I just looked again at the alsa-firmware updates and can see that the F31 firmware is *older* than the F32 firmware. Further, there is a separate alsa-sof-firmware package: https://bodhi.fedoraproject.org/updates/?packages=alsa-firmware Installing these might be needed: alsa-firmware-1.2.1-7.fc32 and alsa-sof-firmware-1.4.2-4.fc32 https://bodhi.fedoraproject.org/updates/FEDORA-2020-0a7be7437f Jaroslav: Is there any reason why those can't be released for F31?
(In reply to Samuel from comment #29) ... > And I could verify that the hang still happens with the updated kernel: > > $ uname -r > 5.6.6-200.fc31.x86_64 ... Ranjani, upstream, cites commit 8354d9b44530b.* However, that commit is not yet in a kernel stable release: $ git describe 8354d9b44530b fatal: Not a valid object name 8354d9b44530b $ git log --oneline --no-decorate -n1 63c3d4974 Linux 5.6.8 So you would need to test with a "rawhide" kernel (currently F33) from here: https://bodhi.fedoraproject.org/updates/?packages=kernel See, however: Bug 1825940 - kernel-core-5.7.0-0.rc1.20200416git9786cab67457.1 took very long time to install * https://github.com/thesofproject/linux/issues/2066#issuecomment-621309596
It looks like Jaroslav has just completed a build of alsa-sof-firmware for F31: alsa-sof-firmware https://koji.fedoraproject.org/koji/packageinfo?packageID=30869 Information for build alsa-sof-firmware-1.4.2-5.fc31 https://koji.fedoraproject.org/koji/buildinfo?buildID=1502856 Thank-you, Jaroslav. Upstream reference: https://github.com/thesofproject/linux/issues/2066#issuecomment-623534966
alsa-sof-firmware-1.5-1 packages have been built: https://koji.fedoraproject.org/koji/packageinfo?packageID=30869 Jaroslav: Could you push the F31 package: https://bodhi.fedoraproject.org/updates/?packages=alsa-sof-firmware
FEDORA-2020-18cc548263 has been submitted as an update to Fedora 31. https://bodhi.fedoraproject.org/updates/FEDORA-2020-18cc548263
FEDORA-2020-18cc548263 has been pushed to the Fedora 31 testing repository. In short time you'll be able to install the update with the following command: `sudo dnf upgrade --enablerepo=updates-testing --advisory=FEDORA-2020-18cc548263` You can provide feedback for this update here: https://bodhi.fedoraproject.org/updates/FEDORA-2020-18cc548263 See also https://fedoraproject.org/wiki/QA:Updates_Testing for more information on how to test updates.

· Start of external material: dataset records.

(* Cutting a path at its first return to the diagonal, reached after 3l
   steps at (n-l, n-l, n-l), splits it into a diagonal-avoiding path of 3l
   steps followed by an arbitrary path of 3(n-l) steps, so exactly
   a_{l,1} binom(3(n-l); n-l, n-l, n-l) paths have n - X_n = l; this is the
   exact formula.  As binom(3m; m,m,m) / binom(3(m+1); m+1,m+1,m+1) -> 1/27,
   it also gives P(n - X_n = l) -> f_l := a_{l,1} / 27^l, and sum_l f_l <= 1
   because the partial sums are limits of probabilities.  For the reverse
   inequality, the same decomposition yields the renewal equation
   u_n = sum_l f_l u_{n-l} (n >= 1) for u_n := binom(3n; n,n,n) / 27^n, whence
   (1 - f_0 - ... - f_{N-1}) (u_0 + ... + u_{N-1}) <= 1; since u_n >= 2/(9n)
   the partial sums of u diverge and sum_l f_l = 1. *)

Section Words.
Variable T : finType.

Fixpoint words (m : nat) : seq (seq T) :=
  if m is m'.+1 then [seq x :: s | x <- enum T, s <- words m'] else [:: [::]].

Lemma mem_words m s : (s \in words m) = (size s == m).
Proof.
elim: m s => [|m IHm] [|x s] //=.
  by apply/allpairsP => -[[y t] /= [_ _]].
rewrite eqSS -IHm; apply/allpairsP/idP => [[[y t] /= [_ t_m [_ ->]]] // | s_m].
by exists (x, s); rewrite mem_enum.
Qed.

Lemma uniq_words m : uniq (words m).
Proof.
elim: m => //= m IHm; rewrite allpairs_uniq ?enum_uniq //.
by move=> [x s] [y t] _ _ [-> ->].
Qed.

Lemma count_words_cons (P : pred (seq T)) m :
  count P (words m.+1) = \sum_(x : T) count (fun s => P (x :: s)) (words m).
Proof.
rewrite /= count_flatten sumnE big_map big_map big_enum /=.
by apply: eq_bigr => x _; rewrite count_map.
Qed.

Lemma count_words_take_drop (P Q : pred (seq T)) a b :
  count (fun s => P (take a s) && Q (drop a s)) (words (a + b)) =
  count P (words a) * count Q (words b).
Proof.
elim: a P => [|a IHa] P.
  rewrite add0n /= addn0 (eq_count (a2 := fun s => P [::] && Q s)) => [|s].
    by case: (P [::]); rewrite ?mul1n // (@eq_count _ _ pred0) ?count_pred0.
  by rewrite take0 drop0.
rewrite addSn !count_words_cons big_distrl /=.
by apply: eq_bigr => x _; rewrite -IHa.
Qed.

Lemma count_words_codom m (P : pred (seq T)) :
  #|[set p : {ffun 'I_m -> T} | P (codom p)]| = count P (words m).
Proof.
rewrite cardsE cardE /enum_mem size_filter -enumT.
rewrite (eq_count (a2 := fun p : {ffun 'I_m -> T} => P (codom p))) // -count_map.
apply/permP; apply: uniq_perm; rewrite ?uniq_words //.
  rewrite map_inj_uniq ?enum_uniq // => p q pq.
  by apply: (can_inj fgraphK); apply: val_inj; rewrite /= -!codom_ffun.
move=> s; rewrite mem_words; apply/mapP/idP => [[p _ ->]|s_m].
  by rewrite size_codom card_ord.
exists [ffun i => tnth (Tuple s_m) i]; first by rewrite mem_enum.
by rewrite codomE (eq_map (ffunE _)) map_tnth_enum.
Qed.

Definition has_counts (c : T -> nat) (s : seq T) : bool :=
  [forall x, count_mem x s == c x].

Lemma has_counts_cons c x s : 0 < c x ->
  has_counts c (x :: s) = has_counts (fun y => c y - (y == x)) s.
Proof.
move=> cx_gt0; apply: eq_forallb => y /=; rewrite [y == x]eq_sym.
by case: (x =P y) => [<-|_] /=; apply/eqP/eqP; lia.
Qed.

Lemma count_has_counts_fact (c : T -> nat) :
  count (has_counts c) (words (\sum_x c x)) * \prod_x (c x)`! = (\sum_x c x)`!.
Proof.
move sum_c: (\sum_x c x) => m.
elim: m c sum_c => [|m IHm] c sum_c.
  have c0 x : c x = 0.
    by apply/eqP; move: sum_c => /eqP; rewrite sum_nat_eq0 => /forallP/(_ x).
  have nil_c : has_counts c [::] by apply/forallP => x; rewrite c0.
  by rewrite /= nil_c big1 // => x _; rewrite c0.
rewrite count_words_cons big_distrl factS -[in X in X * _]sum_c big_distrl /=.
apply: eq_bigr => x _.
case cx: (c x) => [|k].
  rewrite mul0n (@eq_count _ _ pred0) ?count_pred0 // => s.
  by apply/negbTE/negP => /forallP/(_ x); rewrite cx /= eqxx.
pose c' y := c y - (y == x).
have sum_c' : \sum_y c' y = m.
  rewrite (bigD1 x) //= (eq_bigr c) => [|y /negbTE yx]; last by rewrite /c' yx subn0.
  by move: sum_c; rewrite (bigD1 x) //= /c' eqxx cx; lia.
have prod_c : \prod_y (c y)`! = k.+1 * \prod_y (c' y)`!.
  rewrite (bigD1 x) // [X in _ = _ * X](bigD1 x) //= /c' eqxx cx factS subn1 /= mulnA.
  by congr (_ * _); apply: eq_bigr => y /negbTE ->; rewrite subn0.
rewrite (eq_count (a2 := has_counts c')) => [|s]; last by rewrite has_counts_cons ?cx.
by rewrite prod_c mulnCA (IHm c').
Qed.

Lemma has_counts_take_drop (c c1 : T -> nat) k s : (forall x, c1 x <= c x) ->
  has_counts c s && has_counts c1 (take k s) =
  has_counts c1 (take k s) && has_counts (fun x => c x - c1 x) (drop k s).
Proof.
move=> c1_c.
have split_x x : count_mem x s = count_mem x (take k s) + count_mem x (drop k s).
  by rewrite -count_cat cat_take_drop.
apply/andP/andP => -[/forallP H1 /forallP H2]; split; apply/forallP => x;
  move: (H1 x) (H2 x) (c1_c x); rewrite ?split_x => /eqP + /eqP;
  set a := count_mem x (take k s); set b := count_mem x (drop k s); lia.
Qed.

End Words.

Lemma card_set_lt (T : finType) (A : {set T}) (h : T -> nat) K :
  #|[set x in A | h x < K]| = \sum_(j < K) #|[set x in A | h x == j]|.
Proof.
elim: K => [|K IHK].
  rewrite big_ord0; apply/eqP; rewrite cards_eq0.
  by apply/eqP/setP => x; rewrite !inE andbF.
rewrite big_ord_recr /= -IHK -(cardsID [set x | h x < K] [set x in A | h x < K.+1]).
congr (_ + _); apply: eq_card => x; rewrite !inE; case: (x \in A); rewrite ?andbF //=.
  exact/andb_idl/ltnW.
by rewrite -leqNgt ltnS eqn_leq andbC.
Qed.

Lemma forall_ord3 (P : pred 'I_3) : [forall d, P d] = [&& P st0, P st1 & P st2].
Proof.
apply/forallP/and3P => [H | [P0 P1 P2]]; first by split; apply: H.
by case=> [[|[|[|//]]] d]; rewrite (bool_irrelevance d isT).
Qed.

Lemma size_count3 (s : seq 'I_3) :
  size s = count_mem st0 s + count_mem st1 s + count_mem st2 s.
Proof. by elim: s => //= -[[|[|[|//]]] ?] s ->; rewrite !eqE /=; lia. Qed.

Notation balanced n := (has_counts (fun _ : 'I_3 => n)).

Lemma balancedE n s : balanced n s = on_diag s && (size s == 3 * n).
Proof.
rewrite /has_counts forall_ord3 /on_diag size_count3.
apply/and3P/andP => [[/eqP-> /eqP-> /eqP->]|[/andP[/eqP-> /eqP->] /eqP size_s]].
  by rewrite !eqxx; split => //; apply/eqP; lia.
by move: size_s; set c := count_mem st2 s => size_s; split; apply/eqP; lia.
Qed.

Lemma size_on_diag s : on_diag s -> size s = 3 * count_mem st0 s.
Proof. by rewrite /on_diag size_count3 => /andP[/eqP <- /eqP <-]; lia. Qed.

Lemma multinom3_fact n : multinom3 n * n`! ^ 3 = (3 * n)`!.
Proof.
have e3 := @bin_fact (3 * n) n (@leq_pmull n 3 isT).
have e2 := @bin_fact (2 * n) n (@leq_pmull n 2 isT).
rewrite (_ : 3 * n - n = 2 * n) in e3; last by lia.
rewrite (_ : 2 * n - n = n) in e2; last by lia.
by rewrite -e3 -e2 /multinom3; ring.
Qed.

Lemma count_balanced n : count (balanced n) (words _ (3 * n)) = multinom3 n.
Proof.
have := count_has_counts_fact (fun _ : 'I_3 => n).
rewrite sum_nat_const prod_nat_const !card_ord -multinom3_fact => /eqP.
by rewrite eqn_pmul2r ?expn_gt0 ?fact_gt0 // => /eqP.
Qed.

Lemma multinom3_gt0 n : 0 < multinom3 n.
Proof. by rewrite muln_gt0 !bin_gt0 leq_pmull ?leq_pmull. Qed.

I removed my workaround and upgraded to Fedora 32, but that did not solve the issue. However, I then installed alsa-sof-firmware-1.5-1 from updates-testing, and now it works! Thanks for fixing this!
(In reply to Samuel from comment #41) > I removed my workaround and upgraded to Fedora 32, but that did not solve the issue. > > However, I then installed alsa-sof-firmware-1.5-1 from updates-testing, and now it works! Thanks for fixing this! Thanks for doing those before-and-after tests.
alsa-firmware-1.2.1-6.fc31, alsa-sof-firmware-1.5-1.fc31 has been pushed to the Fedora 31 stable repository. If problems still persist, please make note of it in this bug report.